→ Exercise requirements: Search the entries below for the string "opsub" and copy the lines that hold it.

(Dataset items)
· · · · ·

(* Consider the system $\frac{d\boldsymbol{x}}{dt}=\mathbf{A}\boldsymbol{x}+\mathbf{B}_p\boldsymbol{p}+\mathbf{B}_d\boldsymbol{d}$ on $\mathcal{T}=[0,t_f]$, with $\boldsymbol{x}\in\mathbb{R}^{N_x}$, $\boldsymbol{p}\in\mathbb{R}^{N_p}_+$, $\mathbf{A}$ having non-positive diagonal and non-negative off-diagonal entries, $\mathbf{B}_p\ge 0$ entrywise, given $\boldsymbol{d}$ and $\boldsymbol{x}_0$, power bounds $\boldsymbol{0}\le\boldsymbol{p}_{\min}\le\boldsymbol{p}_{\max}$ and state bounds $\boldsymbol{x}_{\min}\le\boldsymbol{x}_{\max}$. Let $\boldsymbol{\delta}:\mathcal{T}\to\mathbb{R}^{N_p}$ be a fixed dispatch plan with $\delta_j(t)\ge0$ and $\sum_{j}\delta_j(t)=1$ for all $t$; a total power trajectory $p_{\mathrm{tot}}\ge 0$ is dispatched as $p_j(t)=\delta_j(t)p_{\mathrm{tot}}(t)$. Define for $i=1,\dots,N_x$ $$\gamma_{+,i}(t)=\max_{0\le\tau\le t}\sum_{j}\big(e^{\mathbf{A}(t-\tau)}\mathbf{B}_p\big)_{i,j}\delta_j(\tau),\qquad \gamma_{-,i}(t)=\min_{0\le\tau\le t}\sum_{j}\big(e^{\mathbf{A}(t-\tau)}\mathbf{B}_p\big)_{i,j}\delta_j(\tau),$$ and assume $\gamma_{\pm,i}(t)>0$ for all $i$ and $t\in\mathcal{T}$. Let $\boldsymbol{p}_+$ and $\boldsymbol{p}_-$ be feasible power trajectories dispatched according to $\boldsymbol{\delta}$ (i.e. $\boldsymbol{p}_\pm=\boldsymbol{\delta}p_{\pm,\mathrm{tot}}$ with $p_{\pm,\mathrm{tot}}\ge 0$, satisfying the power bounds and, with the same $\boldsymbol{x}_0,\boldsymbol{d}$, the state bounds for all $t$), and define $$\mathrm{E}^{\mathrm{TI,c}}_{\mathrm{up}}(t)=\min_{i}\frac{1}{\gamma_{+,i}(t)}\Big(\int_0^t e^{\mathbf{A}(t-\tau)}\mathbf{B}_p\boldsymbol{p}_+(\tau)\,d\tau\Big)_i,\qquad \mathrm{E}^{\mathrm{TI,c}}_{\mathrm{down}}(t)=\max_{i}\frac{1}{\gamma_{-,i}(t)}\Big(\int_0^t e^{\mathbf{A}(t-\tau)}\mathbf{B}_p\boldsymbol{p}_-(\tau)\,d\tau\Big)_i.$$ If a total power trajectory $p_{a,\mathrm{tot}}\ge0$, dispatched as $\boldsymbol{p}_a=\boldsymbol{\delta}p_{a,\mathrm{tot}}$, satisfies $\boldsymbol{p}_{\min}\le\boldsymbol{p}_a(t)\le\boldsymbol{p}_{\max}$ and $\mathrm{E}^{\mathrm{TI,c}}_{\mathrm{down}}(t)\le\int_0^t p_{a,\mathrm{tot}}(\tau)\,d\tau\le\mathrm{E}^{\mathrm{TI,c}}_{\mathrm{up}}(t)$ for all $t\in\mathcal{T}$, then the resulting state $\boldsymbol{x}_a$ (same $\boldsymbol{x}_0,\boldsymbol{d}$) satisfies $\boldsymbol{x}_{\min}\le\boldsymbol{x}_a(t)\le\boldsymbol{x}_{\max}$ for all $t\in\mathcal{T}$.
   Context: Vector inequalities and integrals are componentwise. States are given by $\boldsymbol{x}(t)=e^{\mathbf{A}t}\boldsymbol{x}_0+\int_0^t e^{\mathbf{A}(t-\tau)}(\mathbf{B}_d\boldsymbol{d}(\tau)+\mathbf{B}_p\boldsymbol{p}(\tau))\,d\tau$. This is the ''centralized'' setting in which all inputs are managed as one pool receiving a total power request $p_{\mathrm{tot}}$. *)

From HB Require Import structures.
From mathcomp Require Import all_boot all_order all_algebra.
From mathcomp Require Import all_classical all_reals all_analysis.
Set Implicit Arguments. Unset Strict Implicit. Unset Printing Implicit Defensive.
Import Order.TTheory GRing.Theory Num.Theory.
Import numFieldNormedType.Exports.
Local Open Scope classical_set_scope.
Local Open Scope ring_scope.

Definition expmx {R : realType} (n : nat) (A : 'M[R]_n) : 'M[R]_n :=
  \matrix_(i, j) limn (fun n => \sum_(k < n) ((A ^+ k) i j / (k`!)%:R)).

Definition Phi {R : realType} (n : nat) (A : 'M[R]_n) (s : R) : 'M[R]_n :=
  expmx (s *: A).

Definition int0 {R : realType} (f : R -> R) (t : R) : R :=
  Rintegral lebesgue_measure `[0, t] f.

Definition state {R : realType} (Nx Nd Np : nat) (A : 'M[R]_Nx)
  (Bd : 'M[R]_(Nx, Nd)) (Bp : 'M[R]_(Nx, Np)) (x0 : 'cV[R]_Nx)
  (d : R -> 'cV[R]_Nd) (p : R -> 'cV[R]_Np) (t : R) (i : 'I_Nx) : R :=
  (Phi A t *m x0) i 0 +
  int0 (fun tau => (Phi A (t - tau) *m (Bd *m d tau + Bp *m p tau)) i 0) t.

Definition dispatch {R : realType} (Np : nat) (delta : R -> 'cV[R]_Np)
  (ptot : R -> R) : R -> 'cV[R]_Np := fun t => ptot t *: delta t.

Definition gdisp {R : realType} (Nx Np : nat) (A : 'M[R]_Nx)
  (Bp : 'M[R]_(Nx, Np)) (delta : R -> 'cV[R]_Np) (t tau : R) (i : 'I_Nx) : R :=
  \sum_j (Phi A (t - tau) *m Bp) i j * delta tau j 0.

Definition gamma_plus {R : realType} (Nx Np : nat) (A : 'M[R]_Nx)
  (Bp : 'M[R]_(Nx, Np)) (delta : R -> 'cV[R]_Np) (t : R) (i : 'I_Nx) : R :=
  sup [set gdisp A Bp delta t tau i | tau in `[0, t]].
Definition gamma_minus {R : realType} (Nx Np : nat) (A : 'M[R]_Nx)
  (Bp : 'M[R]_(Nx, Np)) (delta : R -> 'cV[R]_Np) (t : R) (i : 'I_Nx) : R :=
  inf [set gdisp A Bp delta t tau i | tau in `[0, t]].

· · · · ·

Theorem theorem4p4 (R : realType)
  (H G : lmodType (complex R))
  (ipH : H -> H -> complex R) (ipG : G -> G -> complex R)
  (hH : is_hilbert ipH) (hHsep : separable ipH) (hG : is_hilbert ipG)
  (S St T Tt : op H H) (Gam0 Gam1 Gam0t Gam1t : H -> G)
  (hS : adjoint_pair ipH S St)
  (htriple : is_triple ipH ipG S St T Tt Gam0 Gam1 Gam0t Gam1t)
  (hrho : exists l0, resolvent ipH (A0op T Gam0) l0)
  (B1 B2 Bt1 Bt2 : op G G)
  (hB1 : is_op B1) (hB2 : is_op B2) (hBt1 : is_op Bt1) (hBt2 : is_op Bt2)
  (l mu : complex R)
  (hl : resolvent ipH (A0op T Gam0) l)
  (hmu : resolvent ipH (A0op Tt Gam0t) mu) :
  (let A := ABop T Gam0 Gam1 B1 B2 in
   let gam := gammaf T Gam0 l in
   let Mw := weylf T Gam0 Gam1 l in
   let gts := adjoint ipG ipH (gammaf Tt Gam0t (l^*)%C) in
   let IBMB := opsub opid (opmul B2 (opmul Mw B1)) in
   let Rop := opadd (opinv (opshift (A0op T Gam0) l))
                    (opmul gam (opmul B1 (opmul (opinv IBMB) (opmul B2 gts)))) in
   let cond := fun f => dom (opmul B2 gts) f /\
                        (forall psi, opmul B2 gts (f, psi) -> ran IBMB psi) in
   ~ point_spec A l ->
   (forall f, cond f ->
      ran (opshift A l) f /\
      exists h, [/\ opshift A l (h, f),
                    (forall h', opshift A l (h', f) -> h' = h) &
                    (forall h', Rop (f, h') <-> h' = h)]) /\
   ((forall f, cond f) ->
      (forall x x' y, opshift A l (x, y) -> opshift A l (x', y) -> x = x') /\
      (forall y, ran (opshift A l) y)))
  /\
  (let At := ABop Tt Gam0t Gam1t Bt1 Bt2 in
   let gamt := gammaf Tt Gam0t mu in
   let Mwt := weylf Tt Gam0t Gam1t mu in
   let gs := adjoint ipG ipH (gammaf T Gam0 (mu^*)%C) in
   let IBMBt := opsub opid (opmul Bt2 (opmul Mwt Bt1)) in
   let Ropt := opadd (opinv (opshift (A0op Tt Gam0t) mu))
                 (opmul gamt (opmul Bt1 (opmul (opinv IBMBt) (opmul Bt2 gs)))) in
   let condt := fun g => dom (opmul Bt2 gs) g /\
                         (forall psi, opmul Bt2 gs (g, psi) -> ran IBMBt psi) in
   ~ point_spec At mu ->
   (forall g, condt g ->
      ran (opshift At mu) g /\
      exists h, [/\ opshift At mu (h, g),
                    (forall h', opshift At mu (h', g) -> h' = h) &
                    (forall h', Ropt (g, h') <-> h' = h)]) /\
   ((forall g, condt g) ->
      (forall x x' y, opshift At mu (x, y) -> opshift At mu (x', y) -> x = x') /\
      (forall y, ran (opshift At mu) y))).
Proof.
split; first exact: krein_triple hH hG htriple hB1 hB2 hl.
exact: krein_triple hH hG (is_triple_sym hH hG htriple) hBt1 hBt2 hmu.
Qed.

· · · · ·

→ Solution:
   let IBMB := opsub opid (opmul B2 (opmul Mw B1)) in
   let IBMBt := opsub opid (opmul Bt2 (opmul Mwt Bt1)) in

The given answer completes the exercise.